FIG. Z shows a cross section through the regulator system, and FIG. 2 is a side view of FIG. A leaf spring b is attached to a piston a, which at its free end carries a mass c which is formed by a smaller bar magnet. The spring b and the mass c form an oscillation system which is intended to be in accordance with its oscillation frequency. -to regulate the clock. An escape wheel; d is provided with two side cheeks d1 which are arranged to be hot on the sides of the bar magnet c and which each carry an outer and an inner ring of pins e and f, respectively. Two corresponding pins e and f on both sides: nwa.ngen are aligned coaxially against each other, and on each of the side cheeks, the outer and inner pins are offset from one another. All of these pens are made of a magnetically permeable material. B ,. Soft ironea. The escapement wheel d is driven by the clockwork via a transmission gear g. When the escape wheel d rotates, the magnetic bar c 2b -, #% # echsiungs # weiise by the inner and outer pins: e and f of the two side cheeks d1 and consequently swings up and down.

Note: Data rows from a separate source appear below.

(* Distinct cycles give distinct directed cycles, as these visit their vertices. *)
Lemma card_le_J_union_matching : #|P| <= J g union_matching.
Proof.
have witness_inj : {in P &, injective (fun S => (witness S).2)}.
  by move=> S S' SP S'P /= e; rewrite -(witness_vertices SP) e witness_vertices.
rewrite /J -(card_in_imset witness_inj); apply: subset_leq_card.
by apply/subsetP => _ /imsetP [S SP ->]; rewrite inE union_matching_dcycle.
Qed.

Lemma union_matching_neq0 : 0 < #|P| -> union_matching != set0.
Proof.
case/card_gt0P=> S SP; case/and5P: (witnessP SP) => _ _ _ _ /set0Pn [a aS].
by apply/set0Pn; exists a; apply/bigcupP; exists S.
Qed.

End DisjointCycles.

End FacePosetCycles.

Lemma J_le_eta (V : finType) (g : rel V) m : m \in Mcomplex g -> J g m <= eta g.
Proof.
by rewrite /eta; case: ex_minnP => e /eqP He _; rewrite -He inE => /andP [_].
Qed.

Lemma eta_le (V : finType) (g : rel V) k :
  (forall m, matching g m -> J g m <= k) -> eta g <= k.
Proof.
rewrite /eta; case: ex_minnP => e _ minimal Jk; apply: minimal.
by apply/eqP/setP => m; rewrite inE andb_idr // inE => /andP [/Jk].
Qed.

Unset Implicit Arguments.

Theorem mainTheorem4 (V : finType) (g : rel V)
    (g_sym : symmetric g) (g_irr : irreflexive g) :
  eta g = max_disjoint_cycles g.
Proof.
apply/eqP; rewrite eqn_leq; apply/andP; split.
  by apply: eta_le => m; apply: J_le_max_disjoint_cycles.
apply/bigmax_leqP => P /andP [Pc Pt].
have [-> // | P0] := posnP #|P|.
apply: leq_trans (card_le_J_union_matching g_irr Pc Pt) (J_le_eta _).
by rewrite inE (union_matching_matching g_irr Pc Pt) union_matching_neq0.
Qed.
(* For every integer $n\ge2$, $\gamma_{tr3}(P_2\square P_n)=2n$.
   Context: $P_m$ denotes the directed path with vertex set $\{0,1,\dots,m-1\}$ and arcs $(i,i+1)$ for $0\le i\le m-2$. The Cartesian product $D_1\square D_2$ has vertex set $V(D_1)\times V(D_2)$, with an arc from $(x_1,y_1)$ to $(x_2,y_2)$ iff either $(x_1,x_2)$ is an arc of $D_1$ and $y_1=y_2$, or $x_1=x_2$ and $(y_1,y_2)$ is an arc of $D_2$. For a digraph $D$ and positive integer $k$, a $k$-rainbow dominating function on $D$ is $f:V(D)\to\mathcal P(\{1,\dots,k\})$ such that every $v$ with $f(v)=\emptyset$ satisfies $\bigcup_{u\in N^-(v)}f(u)=\{1,\dots,k\}$, where $N^-(v)$ is the set of in-neighbors of $v$; its weight is $\sum_v|f(v)|$. It is total if additionally the subdigraph induced by $\{v:f(v)\ne\emptyset\}$ has no isolated vertex (a vertex with neither in- nor out-neighbors in it). $\gamma_{trk}(D)$ is the minimum weight of a total $k$-rainbow dominating function. *)

From mathcomp Require Import all_boot.
Set Implicit Arguments. Unset Strict Implicit. Unset Printing Implicit Defensive.

(* A digraph on a finite vertex type T is an arc relation [e : rel T];
   [e u v] means (u,v) is an arc. *)

Definition dipath (m : nat) : rel 'I_m := fun i j => val j == (val i).+1.
Arguments dipath m : clear implicits.

Definition cartprod (T1 T2 : finType) (e1 : rel T1) (e2 : rel T2) : rel (T1 * T2) :=
  fun x y => (e1 x.1 y.1 && (x.2 == y.2)) || ((x.1 == y.1) && e2 x.2 y.2).

(* Colours {1,...,k} are represented by 'I_k. *)
Definition rainbow_dom (T : finType) (k : nat) (e : rel T) (f : T -> {set 'I_k}) : bool :=
  [forall v : T, (f v == set0) ==> (\bigcup_(u | e u v) f u == [set: 'I_k])].

Definition total_rainbow_dom (T : finType) (k : nat) (e : rel T) (f : T -> {set 'I_k}) : bool :=
  rainbow_dom e f &&
  [forall v : T, (f v != set0) ==> [exists u : T, (f u != set0) && (e u v || e v u)]].

Definition rd_weight (T : finType) (k : nat) (f : T -> {set 'I_k}) : nat :=
  \sum_(v : T) #|f v|.

(* gamma_{trk}(D): minimum weight over all total k-rainbow dominating functions.
   (If none exists the value defaults to k * |V|; irrelevant here.) *)
Definition gamma_trk (T : finType) (k : nat) (e : rel T) : nat :=
  \big[minn/(k * #|T|)%N]_(f : {ffun T -> {set 'I_k}} | total_rainbow_dom e f)
     rd_weight f.

(* Lower bound: write a_j = |f(0,j)| and b_j = |f(1,j)| for the two rows.
   The only in-neighbour of (0,j) is (0,j-1) (none for j = 0), and those of
   (1,j) are (0,j) and (1,j-1).  Hence a_0 >= 1, a_j = 0 forces a_(j-1) >= 3
   and b_j = 0 forces a_j + b_(j-1) >= 3.  An induction on j then shows that
   the first j+1 columns weigh at least 2(j+1), with one unit of slack for each
   of a_j >= 3 and b_j >= 2 — exactly what is spent when the next column is
   light.  Upper bound: the constant function {1} is a total 3-rainbow
   dominating function of weight 2n, since every (i,j) is adjacent to (1-i,j). *)

From mathcomp Require Import all_boot.
From mathcomp Require Import zify.

Set Implicit Arguments.
Unset Strict Implicit.
Unset Printing Implicit Defensive.

Lemma bigmin_le (I : finType) (P : pred I) (F : I -> nat) x0 i :
  P i -> \big[minn/x0]_(j | P j) F j <= F i.
Proof.
move=> Pi; rewrite -big_filter.
have : i \in [seq j <- index_enum I | P j] by rewrite mem_filter Pi mem_index_enum.
elim: [seq _ <- _ | _] => [|x s IH] //; rewrite inE big_cons => /orP [/eqP ->|/IH h].
  exact: geq_minl.
exact: leq_trans (geq_minr _ _) h.
Qed.

Section GammaTrk.

Variables (T : finType) (k : nat) (e : rel T).

Lemma gamma_trk_le_weight (f : {ffun T -> {set 'I_k}}) :
  total_rainbow_dom e f -> gamma_trk k e <= rd_weight f.
Proof. by move=> ef; apply: bigmin_le. Qed.

Lemma gamma_trk_ge (w : nat) :
  w <= k * #|T| ->
  (forall f : {ffun T -> {set 'I_k}}, rainbow_dom e f -> w <= rd_weight f) ->
  w <= gamma_trk k e.
Proof.
move=> w_le lb; apply: (big_ind (fun x => w <= x)) => //.
- by move=> x y wx wy; rewrite leq_min wx wy.
- by move=> f /andP [/lb].
Qed.

Lemma rainbow_dom_card_cover (f : T -> {set 'I_k}) v (S : {set 'I_k}) :
  rainbow_dom e f -> f v = set0 -> (forall u, e u v -> f u \subset S) -> k <= #|S|.
Proof.
move=> /forallP /(_ v) /implyP fdom /eqP /fdom /eqP cover sub_S.
have : \bigcup_(u | e u v) f u \subset S by apply/bigcupsP.
by rewrite cover => /subset_leq_card; rewrite cardsT card_ord.
Qed.

Lemma total_rainbow_dom_const (c : 'I_k) :
  (forall v, exists u, e u v || e v u) ->
  total_rainbow_dom e [ffun _ => [set c]].
Proof.
move=> nbr; apply/andP; split.
  by apply/forallP => v; rewrite ffunE -cards_eq0 cards1.
apply/forallP => v; apply/implyP => _; apply/existsP.
have [u uv] := nbr v; exists u.
by rewrite ffunE -cards_eq0 cards1.
Qed.

Lemma rd_weight_const (c : 'I_k) : rd_weight [ffun _ : T => [set c]] = #|T|.
Proof.
by rewrite /rd_weight (eq_bigr (fun _ => 1)) ?sum1_card // => v _; rewrite ffunE cards1.
Qed.

End GammaTrk.

(* At j = 0 the term [b j.-1] is [b 0], which vanishes whenever the
   hypothesis on [b] applies. *)
Lemma prefix_weight_ge (a b : nat -> nat) n :
  1 <= a 0 ->
  (forall j, 0 < j < n -> a j = 0 -> 3 <= a j.-1) ->
  (forall j, j < n -> b j = 0 -> 3 <= a j + b j.-1) ->
  forall j, j < n -> 2 * j.+1 + (3 <= a j) + (1 < b j) <= \sum_(i < j.+1) (a i + b i).
Proof.
move=> a0_ge a_empty b_empty; elim=> [|j IH] jn.
  rewrite big_ord_recr big_ord0 /=.
  have := b_empty 0 jn => /=.
  case: (leqP 3 (a 0)); case: (leqP 2 (b 0)) => /=; lia.
rewrite big_ord_recr /=.
have {IH} := IH (ltnW jn).
have := a_empty j.+1; have := b_empty j.+1 jn => /=.
case: (leqP 3 (a j)); case: (leqP 2 (b j)); case: (leqP 3 (a j.+1));
  case: (leqP 2 (b j.+1)) => /=; lia.
Qed.

Section Ladder.

Variable m : nat.

Notation ladder := (cartprod (dipath 2) (dipath m.+1)).

Lemma ladder_in_top (u : 'I_2 * 'I_m.+1) j :
  j <= m -> ladder u (ord0, inord j) -> 0 < j /\ u = (ord0, inord j.-1).
Proof.
case: u => u1 u2 jm; rewrite /cartprod /dipath /= => /andP [/eqP -> /eqP u2S].
rewrite inordK // in u2S; split; first by rewrite u2S.
by congr pair; apply: val_inj; rewrite /= inordK u2S //; lia.
Qed.

Lemma ladder_in_bottom (u : 'I_2 * 'I_m.+1) j :
  j <= m -> ladder u (ord_max, inord j) ->
  u = (ord0, inord j) \/ u = (ord_max, inord j.-1).
Proof.
case: u => u1 u2 jm; rewrite /cartprod /dipath /=.
case/orP => /andP [/eqP u1S /eqP u2S].
  by left; rewrite u2S; congr pair; apply: val_inj => /=; lia.
rewrite u1S inordK // in u2S *; right.
by congr pair; apply: val_inj; rewrite /= inordK u2S //; lia.
Qed.

Lemma ladder_weight_split (f : 'I_2 * 'I_m.+1 -> {set 'I_3}) :
  rd_weight f =
  \sum_(j < m.+1) (#|f (ord0, inord j)| + #|f (ord_max, inord j)|).
Proof.
rewrite /rd_weight; transitivity (\sum_(i < 2) \sum_(j < m.+1) #|f (i, j)|).
  by rewrite pair_bigA; apply: eq_bigr => -[].
rewrite big_ord_recr big_ord_recr big_ord0 /= add0n -big_split /=.
apply: eq_bigr => j _; rewrite inord_val.
by congr (#|f (_, _)| + _); apply: val_inj.
Qed.

Lemma ladder_rainbow_weight_ge (f : 'I_2 * 'I_m.+1 -> {set 'I_3}) :
  rainbow_dom ladder f -> 2 * m.+1 <= rd_weight f.
Proof.
move=> fdom; rewrite ladder_weight_split.
pose a j := #|f (ord0, inord j)|; pose b j := #|f (ord_max, inord j)|.
have card0 (v : 'I_2 * 'I_m.+1) : #|f v| = 0 -> f v = set0.
  by move/eqP; rewrite cards_eq0 => /eqP.
have a0_ge : 1 <= a 0.
  rewrite lt0n; apply/negP => /eqP /card0 a0.
  suff : 3 <= #|(set0 : {set 'I_3})| by rewrite cards0.
  by apply: (rainbow_dom_card_cover fdom a0) => u /ladder_in_top [].
have a_empty j : 0 < j < m.+1 -> a j = 0 -> 3 <= a j.-1.
  move=> /andP [j0 jm] /card0 aj; apply: (rainbow_dom_card_cover fdom aj) => u.
  by case/ladder_in_top => // _ ->.
have b_empty j : j < m.+1 -> b j = 0 -> 3 <= a j + b j.-1.
  move=> jm /card0 bj.
  apply: leq_trans (leq_card_setU (f (ord0, inord j)) (f (ord_max, inord j.-1))).
  apply: (rainbow_dom_card_cover fdom bj) => u /ladder_in_bottom [] // ->.
    exact: subsetUl.
  exact: subsetUr.
have := prefix_weight_ge a0_ge a_empty b_empty (ltnSn m).
by apply: leq_trans; lia.
Qed.

End Ladder.

Theorem proposition4p5 (n : nat) :
  2 <= n -> gamma_trk 3 (cartprod (dipath 2) (dipath n)) = (2 * n)%N.
Proof.
case: n => [|m] // _.
pose one : {ffun 'I_2 * 'I_m.+1 -> {set 'I_3}} := [ffun _ => [set ord0]].
have one_total : total_rainbow_dom (cartprod (dipath 2) (dipath m.+1)) one.
  apply: total_rainbow_dom_const => -[v1 v2].
  exists (if val v1 == 0 then ord_max else ord0, v2).
  by rewrite /cartprod /dipath /= eqxx andbT; case: v1 => [[|[|i]] ?].
apply/eqP; rewrite eqn_leq; apply/andP; split.
  apply: leq_trans (gamma_trk_le_weight one_total) _.
  by rewrite rd_weight_const card_prod !card_ord.
apply: gamma_trk_ge => [|f]; last exact: ladder_rainbow_weight_ge.
by rewrite card_prod !card_ord; lia.
Qed.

If the speed of the wheel d in the direction of the arrow drawn in FIG. I is so great that the frequency of the pins e, f is the frequency of the oscillation system. b, c corresponds, the latter will get into resonance oscillation and oscillate with a strong amplitude. The driving force transmitted to the wheel d must be so great that the wheel d has the tendency to run a little faster than would be necessary to excite the oscillation system, b, c. The magnet c will have an inhibiting effect on a further acceleration of the pins e and f in their direction of travel, ie the magnetic bar c has the tendency to hold back the running away pins f to begin with them until it sunbathes over. Area of influence beyond, its position has reached the greatest amplitude and. the pins f free. Lets run. A half oscillation later, the same thing is repeated between magnet c and pins e. In this way, the passage frequency, ie the speed of circulation of the bath, d adapts to the frequency of the oscillation system b, c and thus receives a constant circulation speed regulated by the oscillation system.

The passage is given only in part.